Problem to solve — Among the entries below, extract exactly the lines that run from the one with "destruct (hausdorff_is_nonempty _" through the one with "assert (HYX : forall", both ends included.

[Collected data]
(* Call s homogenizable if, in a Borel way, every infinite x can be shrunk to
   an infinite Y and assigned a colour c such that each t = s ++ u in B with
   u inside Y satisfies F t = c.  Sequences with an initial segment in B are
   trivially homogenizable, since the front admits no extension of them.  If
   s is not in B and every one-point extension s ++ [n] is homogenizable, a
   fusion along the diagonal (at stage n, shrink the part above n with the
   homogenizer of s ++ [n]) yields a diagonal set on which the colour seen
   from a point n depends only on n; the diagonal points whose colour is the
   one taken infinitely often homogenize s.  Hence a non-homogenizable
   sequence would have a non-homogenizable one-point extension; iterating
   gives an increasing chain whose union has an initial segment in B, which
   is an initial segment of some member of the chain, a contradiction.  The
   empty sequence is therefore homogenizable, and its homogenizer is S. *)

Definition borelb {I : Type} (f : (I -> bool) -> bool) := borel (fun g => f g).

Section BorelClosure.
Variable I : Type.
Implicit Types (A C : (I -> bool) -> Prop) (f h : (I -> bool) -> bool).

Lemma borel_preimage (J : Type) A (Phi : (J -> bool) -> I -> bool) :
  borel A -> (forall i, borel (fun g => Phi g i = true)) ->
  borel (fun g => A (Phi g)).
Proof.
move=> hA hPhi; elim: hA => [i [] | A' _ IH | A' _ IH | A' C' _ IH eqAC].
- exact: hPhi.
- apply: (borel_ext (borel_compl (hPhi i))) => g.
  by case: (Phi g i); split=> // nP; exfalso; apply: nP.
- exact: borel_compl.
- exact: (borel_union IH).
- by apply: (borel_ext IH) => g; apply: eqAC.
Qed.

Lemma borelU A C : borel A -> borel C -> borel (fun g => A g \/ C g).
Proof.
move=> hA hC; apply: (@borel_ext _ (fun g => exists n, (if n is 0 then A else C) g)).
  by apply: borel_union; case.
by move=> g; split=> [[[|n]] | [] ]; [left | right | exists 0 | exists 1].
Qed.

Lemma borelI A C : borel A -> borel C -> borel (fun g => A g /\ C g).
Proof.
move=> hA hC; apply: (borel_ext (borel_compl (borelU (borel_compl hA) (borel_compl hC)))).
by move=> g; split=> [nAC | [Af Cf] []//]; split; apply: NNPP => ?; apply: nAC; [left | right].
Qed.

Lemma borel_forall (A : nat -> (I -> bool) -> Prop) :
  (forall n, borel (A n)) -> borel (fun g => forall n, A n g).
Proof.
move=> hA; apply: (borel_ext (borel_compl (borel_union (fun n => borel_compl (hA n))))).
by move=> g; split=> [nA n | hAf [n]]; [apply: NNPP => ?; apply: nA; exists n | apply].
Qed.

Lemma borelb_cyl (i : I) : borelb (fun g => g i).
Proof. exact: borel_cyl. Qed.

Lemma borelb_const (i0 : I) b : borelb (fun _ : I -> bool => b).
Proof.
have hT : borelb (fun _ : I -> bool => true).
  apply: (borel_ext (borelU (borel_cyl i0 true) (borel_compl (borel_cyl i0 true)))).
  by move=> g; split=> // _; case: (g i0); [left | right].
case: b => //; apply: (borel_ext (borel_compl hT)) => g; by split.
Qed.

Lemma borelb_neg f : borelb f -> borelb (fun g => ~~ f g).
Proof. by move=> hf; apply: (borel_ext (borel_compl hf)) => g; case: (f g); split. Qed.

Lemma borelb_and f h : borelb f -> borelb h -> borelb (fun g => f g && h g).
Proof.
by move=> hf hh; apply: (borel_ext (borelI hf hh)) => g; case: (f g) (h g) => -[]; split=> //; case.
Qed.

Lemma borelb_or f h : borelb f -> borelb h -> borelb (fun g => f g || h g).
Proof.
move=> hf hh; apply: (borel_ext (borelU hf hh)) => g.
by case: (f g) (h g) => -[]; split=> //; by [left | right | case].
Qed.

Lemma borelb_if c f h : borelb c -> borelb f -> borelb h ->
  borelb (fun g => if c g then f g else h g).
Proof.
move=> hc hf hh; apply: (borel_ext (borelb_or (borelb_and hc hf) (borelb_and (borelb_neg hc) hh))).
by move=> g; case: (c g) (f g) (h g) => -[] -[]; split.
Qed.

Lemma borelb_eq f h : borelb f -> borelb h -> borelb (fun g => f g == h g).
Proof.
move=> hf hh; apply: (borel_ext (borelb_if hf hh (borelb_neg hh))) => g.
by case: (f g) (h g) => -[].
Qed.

* * *

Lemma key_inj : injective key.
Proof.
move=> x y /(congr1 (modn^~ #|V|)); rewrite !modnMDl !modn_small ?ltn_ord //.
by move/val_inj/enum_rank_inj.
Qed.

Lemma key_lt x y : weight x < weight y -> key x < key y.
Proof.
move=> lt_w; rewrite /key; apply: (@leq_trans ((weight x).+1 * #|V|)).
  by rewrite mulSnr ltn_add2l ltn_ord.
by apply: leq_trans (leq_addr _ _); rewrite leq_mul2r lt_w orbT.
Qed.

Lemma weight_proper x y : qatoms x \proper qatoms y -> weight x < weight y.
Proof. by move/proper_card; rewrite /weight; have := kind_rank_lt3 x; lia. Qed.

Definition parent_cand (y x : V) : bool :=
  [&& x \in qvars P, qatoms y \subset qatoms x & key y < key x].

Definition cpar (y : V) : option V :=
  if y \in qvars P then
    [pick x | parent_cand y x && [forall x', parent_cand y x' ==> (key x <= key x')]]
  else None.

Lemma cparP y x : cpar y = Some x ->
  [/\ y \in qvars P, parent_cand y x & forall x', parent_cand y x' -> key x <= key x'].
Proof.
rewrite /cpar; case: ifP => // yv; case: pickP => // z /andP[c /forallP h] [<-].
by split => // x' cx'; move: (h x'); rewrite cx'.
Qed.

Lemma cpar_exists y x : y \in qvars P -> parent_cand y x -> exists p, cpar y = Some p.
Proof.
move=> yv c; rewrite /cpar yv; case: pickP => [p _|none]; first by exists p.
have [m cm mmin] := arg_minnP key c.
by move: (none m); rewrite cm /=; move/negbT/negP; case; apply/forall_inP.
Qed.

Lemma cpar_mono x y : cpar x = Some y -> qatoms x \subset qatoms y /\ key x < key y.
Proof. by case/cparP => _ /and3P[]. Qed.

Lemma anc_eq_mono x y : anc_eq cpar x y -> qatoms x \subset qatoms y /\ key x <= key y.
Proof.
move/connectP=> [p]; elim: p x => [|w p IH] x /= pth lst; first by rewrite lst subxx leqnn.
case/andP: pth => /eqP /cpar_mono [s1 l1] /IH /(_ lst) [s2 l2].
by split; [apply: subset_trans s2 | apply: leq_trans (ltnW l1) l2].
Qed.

---

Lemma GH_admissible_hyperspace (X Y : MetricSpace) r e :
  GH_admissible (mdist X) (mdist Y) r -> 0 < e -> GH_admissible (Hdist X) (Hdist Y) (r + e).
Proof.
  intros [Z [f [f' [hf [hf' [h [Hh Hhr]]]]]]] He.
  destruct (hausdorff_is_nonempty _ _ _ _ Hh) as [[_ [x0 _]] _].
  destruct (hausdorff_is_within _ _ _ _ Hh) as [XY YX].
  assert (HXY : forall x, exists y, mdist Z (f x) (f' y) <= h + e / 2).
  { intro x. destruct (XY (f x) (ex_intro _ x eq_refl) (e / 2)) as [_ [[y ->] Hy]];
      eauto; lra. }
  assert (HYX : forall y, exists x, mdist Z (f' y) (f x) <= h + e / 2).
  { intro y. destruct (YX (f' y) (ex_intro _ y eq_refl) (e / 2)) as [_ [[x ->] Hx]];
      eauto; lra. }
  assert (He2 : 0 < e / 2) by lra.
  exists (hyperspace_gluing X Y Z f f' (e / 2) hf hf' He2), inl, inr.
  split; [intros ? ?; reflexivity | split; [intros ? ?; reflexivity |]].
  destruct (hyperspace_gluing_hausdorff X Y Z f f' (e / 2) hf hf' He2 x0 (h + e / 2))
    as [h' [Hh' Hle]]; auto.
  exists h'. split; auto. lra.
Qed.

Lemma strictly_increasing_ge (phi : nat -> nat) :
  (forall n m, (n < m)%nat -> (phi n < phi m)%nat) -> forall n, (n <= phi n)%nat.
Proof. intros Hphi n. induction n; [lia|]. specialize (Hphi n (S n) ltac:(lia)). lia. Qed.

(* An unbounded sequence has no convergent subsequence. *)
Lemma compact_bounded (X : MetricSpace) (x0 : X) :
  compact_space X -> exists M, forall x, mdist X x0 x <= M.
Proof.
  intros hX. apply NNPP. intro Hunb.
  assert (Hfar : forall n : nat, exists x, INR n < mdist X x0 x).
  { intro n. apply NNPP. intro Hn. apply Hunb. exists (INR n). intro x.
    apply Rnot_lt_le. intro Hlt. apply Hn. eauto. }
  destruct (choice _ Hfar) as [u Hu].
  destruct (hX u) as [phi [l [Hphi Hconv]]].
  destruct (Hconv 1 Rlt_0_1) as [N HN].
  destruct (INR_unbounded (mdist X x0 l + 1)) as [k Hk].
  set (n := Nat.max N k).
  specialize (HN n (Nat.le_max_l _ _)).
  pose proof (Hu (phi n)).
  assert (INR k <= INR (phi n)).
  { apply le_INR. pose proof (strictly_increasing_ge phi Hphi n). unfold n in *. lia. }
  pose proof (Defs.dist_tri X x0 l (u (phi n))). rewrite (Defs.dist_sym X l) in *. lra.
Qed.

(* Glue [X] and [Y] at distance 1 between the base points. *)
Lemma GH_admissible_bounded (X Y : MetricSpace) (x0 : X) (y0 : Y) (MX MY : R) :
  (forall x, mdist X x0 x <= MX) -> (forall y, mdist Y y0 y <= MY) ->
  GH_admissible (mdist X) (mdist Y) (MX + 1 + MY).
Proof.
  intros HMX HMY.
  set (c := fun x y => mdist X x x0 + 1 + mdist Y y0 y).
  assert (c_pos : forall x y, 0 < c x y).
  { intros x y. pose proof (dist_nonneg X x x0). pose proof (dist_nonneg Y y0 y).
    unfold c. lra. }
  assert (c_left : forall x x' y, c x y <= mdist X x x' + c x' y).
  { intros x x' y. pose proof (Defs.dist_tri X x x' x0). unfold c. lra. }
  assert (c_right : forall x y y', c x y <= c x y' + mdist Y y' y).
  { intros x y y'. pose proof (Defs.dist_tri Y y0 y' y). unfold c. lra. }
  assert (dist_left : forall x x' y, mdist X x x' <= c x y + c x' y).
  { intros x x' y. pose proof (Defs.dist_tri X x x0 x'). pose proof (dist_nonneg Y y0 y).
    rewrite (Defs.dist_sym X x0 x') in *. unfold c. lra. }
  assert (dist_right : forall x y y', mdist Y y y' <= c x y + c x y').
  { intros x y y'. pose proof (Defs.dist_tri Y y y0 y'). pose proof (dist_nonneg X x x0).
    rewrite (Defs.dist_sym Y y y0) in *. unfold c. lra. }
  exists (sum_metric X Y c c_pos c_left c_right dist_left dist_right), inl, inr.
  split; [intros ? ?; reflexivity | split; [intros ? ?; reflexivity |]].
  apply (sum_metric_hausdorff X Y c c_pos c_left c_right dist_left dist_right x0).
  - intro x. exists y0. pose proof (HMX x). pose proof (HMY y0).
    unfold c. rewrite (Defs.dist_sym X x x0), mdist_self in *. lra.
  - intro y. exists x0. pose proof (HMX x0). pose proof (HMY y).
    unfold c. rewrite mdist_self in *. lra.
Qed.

Written answer —
  destruct (hausdorff_is_nonempty _ _ _ _ Hh) as [[_ [x0 _]] _].
  destruct (hausdorff_is_within _ _ _ _ Hh) as [XY YX].
  assert (HXY : forall x, exists y, mdist Z (f x) (f' y) <= h + e / 2).
  { intro x. destruct (XY (f x) (ex_intro _ x eq_refl) (e / 2)) as [_ [[y ->] Hy]];
      eauto; lra. }
  assert (HYX : forall y, exists x, mdist Z (f' y) (f x) <= h + e / 2).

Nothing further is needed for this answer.